Although he can’t work yet, he still dresses the part, and goes to the garage everyday from his home next door. He wants his customers to know he is still there. For the first two months, his workers would help him walk over, so he would not fall down.
“I thought I had taken all the right moves… I had insurance,” he said. “Because I’m self-employed, I don’t get worker’s compensation. But I’ve been fighting with the insurance companies, and it hasn’t been good.”
He has watched his business go from bringing in $10-15,000 worth of business each week to $1,000. Meanwhile, one of his two workers had a recent heart attack, and is off work indefinitely.
“My parents wanted me to shut the place down, but I said, when I’m better, all of my customers will have gone elsewhere,” said McKee. “I’d rather lose money than lose everybody.”
His struggles did not go unnoticed by the community.
“I had been in on a few different occasions and noticed that he was not well,” said Siddall. “He looked like he needed to rest, but was working to pay the bills. We felt if we could raise him some money to help, even if it only covered the cost of bills for one month, it would give him much needed rest and lower the stress level for him.”
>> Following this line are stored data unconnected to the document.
(* Let $\ell$ be a finite linear order with $|\ell|\ge2$, $\mathscr T$ a Schröder tree on $\ell$ enriched with connected graphs, with root $r$ and $g=\bigvee\mathscr T$. Suppose that for every internal vertex $w\neq r$ of $\mathscr T$ the graph $g_{\ell_w}$ is $r_w$-regular. Then $$\phi_g(x,t)=\Big(\prod_{w\in\mathrm{Iv}(\mathscr T),\,w\neq r}\frac{\phi_{(a_w,g_w)}(x+tN_{rw},t)}{x-r_w+t(r_w+N_{rw})}\Big)\,\phi_{(a_r,g_r)}(x,t).$$
   Context: All graphs finite and simple. $\phi_g(x,t)=\det\big(xI-(A(g)-tD(g))\big)$ with $A$ adjacency and $D$ diagonal degree matrix. Generalized composition: for a segmented partition $\pi=(\ell_1,\dots,\ell_k)$ of $\ell$ (nonempty consecutive segments whose concatenation is $\ell$), graphs $g_{\ell_j}$ on $\ell_j$ and a graph $h$ on $\pi$, $\bigvee_h(g_{\ell_1},\dots,g_{\ell_k})$ has vertex set $\ell$ and edges those of the $g_{\ell_j}$ plus all $\{x,y\}$, $x\in\ell_i,y\in\ell_j$, $\{\ell_i,\ell_j\}\in E(h)$. Graph-enriched Schröder tree on $\ell$: rooted plane tree with leaves the elements of $\ell$ left to right, each internal vertex having at least two children, with a graph $g_v$ on $\pi_v=(\ell_{v_1},\dots,\ell_{v_k})$ for each internal $v$ (children $v_1,\dots,v_k$ left to right, $\ell_u$ the leaves below $u$); enriched with connected graphs means every $g_v$ is connected. $\bigvee$ of a leaf is the one-vertex graph and $\bigvee\mathscr T=\bigvee_{g_r}(\bigvee\mathscr T_{r_1},\dots,\bigvee\mathscr T_{r_k})$ ($\mathscr T_u$ subtree at $u$); $g_{\ell_u}=\bigvee\mathscr T_u$; $a_v=(g_{\ell_{v_1}},\dots,g_{\ell_{v_k}})$. For internal $v$, with $n_i=|\ell_{v_i}|$, $\rho_i=\mathrm{reg}(g_{\ell_{v_i}})$ and $N_i=\sum_{s:\{\ell_{v_s},\ell_{v_i}\}\in E(g_v)}n_s$: $A(a_v,g_v)$ is the $k\times k$ matrix with diagonal $\rho_i$ and $(i,j)$ entry ($i\neq j$) $\sqrt{n_in_j}$ if $\{\ell_{v_i},\ell_{v_j}\}\in E(g_v)$, else $0$; $D(a_v,g_v)=\mathrm{diag}(\rho_i+N_i)$; $\phi_{(a_v,g_v)}(x,t)=\det\big(xI_k-(A(a_v,g_v)-tD(a_v,g_v))\big)$. For non-root internal $w$ with parent $u$, $N_w=\sum_{x:\{\ell_x,\ell_w\}\in E(g_u)}|\ell_x|$, and $N_{rw}=N_{w_1}+\cdots+N_{w_m}$ along the path $r=w_0,w_1,\dots,w_m=w$. *)

From HB Require Import structures.
From mathcomp Require Import all_boot all_order all_algebra.
Set Implicit Arguments. Unset Strict Implicit. Unset Printing Implicit Defensive.
Import Order.TTheory GRing.Theory Num.Theory.

(* Plane rooted trees whose internal vertices carry a graph on their children.
   [Node cs e]: children cs (left to right), graph e on the child indices
   0..size cs - 1 (only values e i j with i,j < size cs matter).
   Leaves are numbered 0..nleaves-1 from left to right; the underlying linear
   order l is identified with 'I_(nleaves T). *)
Inductive stree : Type :=
| Leaf : stree
| Node : seq stree -> (nat -> nat -> bool) -> stree.

Fixpoint nleaves (t : stree) : nat :=
  match t with
  | Leaf => 1
  | Node cs _ => sumn (map nleaves cs)
  end.

Definition simple_graph (k : nat) (e : nat -> nat -> bool) : bool :=
  [forall i : 'I_k, forall j : 'I_k, e i j == e j i] &&
  [forall i : 'I_k, ~~ e i i].

Definition connected_graph (k : nat) (e : nat -> nat -> bool) : bool :=
  [forall i : 'I_k, forall j : 'I_k,
     connect (fun a b : 'I_k => e a b) i j].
At first, McKee had resisted the idea of a benefit. But when community members saw him suffer one of his seizures first hand, they told him they were going to do it with or without his permission.
One by one, they told him how he had helped them out in the past. There was the person he gave gasoline to when they had no money. Another who couldn’t afford their repair bill, and he told them they could pay later. Yet another whose house had burned down, and he collected money for them.
“At every community event to raise money, Scott is always there helping where he can,” said Siddall.
With that in mind, he contacted local musician Mike Fisher to see if he would play at a benefit dance. Fisher, one of many who had been helped by McKee in the past, was all too happy to do it. Casey Hamel and Hannah Siddall also agreed to play, and many others stepped forward to ask how they could help.
At the end of the night, more than $7,000 was raised.
McKee, who was not able to attend the event because noise and motion can cause seizures for him, said the money would help him keep his shop open. He explained that his initial refusal of the help was just a matter of pride.
“It was embarrassing at first, but it’s humbling now,” he said. “I really appreciate it.”
It showed Siddall how everyone from all over will come together to help those in need.
“It’s one of the reasons I love living in an area like this one,” he said. “If you are good to the people, the people will be good to you.”